Starting at the first line of the entries below, output every line exactly, up to and including the line with "have nFWe : ~".

RAW DATA START

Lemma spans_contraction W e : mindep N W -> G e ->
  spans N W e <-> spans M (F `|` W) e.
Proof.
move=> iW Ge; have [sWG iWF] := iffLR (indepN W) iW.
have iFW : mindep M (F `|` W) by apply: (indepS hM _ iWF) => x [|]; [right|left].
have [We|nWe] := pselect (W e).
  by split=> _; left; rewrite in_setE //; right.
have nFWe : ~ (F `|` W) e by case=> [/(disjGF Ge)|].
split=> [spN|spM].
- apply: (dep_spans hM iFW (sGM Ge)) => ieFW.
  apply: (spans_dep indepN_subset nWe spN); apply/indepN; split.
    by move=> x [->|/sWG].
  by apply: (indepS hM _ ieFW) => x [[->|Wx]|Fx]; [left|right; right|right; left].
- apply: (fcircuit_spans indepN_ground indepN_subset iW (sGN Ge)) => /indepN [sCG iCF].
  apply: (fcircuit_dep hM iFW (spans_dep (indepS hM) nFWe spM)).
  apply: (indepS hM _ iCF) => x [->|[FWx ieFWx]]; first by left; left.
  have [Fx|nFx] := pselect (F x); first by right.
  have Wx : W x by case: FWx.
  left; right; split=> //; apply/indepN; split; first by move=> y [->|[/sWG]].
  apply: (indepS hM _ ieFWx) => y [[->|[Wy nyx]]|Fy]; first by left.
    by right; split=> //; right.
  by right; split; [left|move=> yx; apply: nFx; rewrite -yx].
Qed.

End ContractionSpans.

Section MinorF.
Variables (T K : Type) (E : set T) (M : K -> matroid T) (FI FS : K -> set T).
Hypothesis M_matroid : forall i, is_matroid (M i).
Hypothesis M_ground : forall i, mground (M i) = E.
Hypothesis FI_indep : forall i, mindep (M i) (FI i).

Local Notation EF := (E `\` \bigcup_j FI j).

RAW DATA END

> [RESPONSE TO THE EXERCISE]:
Lemma spans_contraction W e : mindep N W -> G e ->
  spans N W e <-> spans M (F `|` W) e.
Proof.
move=> iW Ge; have [sWG iWF] := iffLR (indepN W) iW.
have iFW : mindep M (F `|` W) by apply: (indepS hM _ iWF) => x [|]; [right|left].
have [We|nWe] := pselect (W e).
  by split=> _; left; rewrite in_setE //; right.
have nFWe : ~ (F `|` W) e by case=> [/(disjGF Ge)|].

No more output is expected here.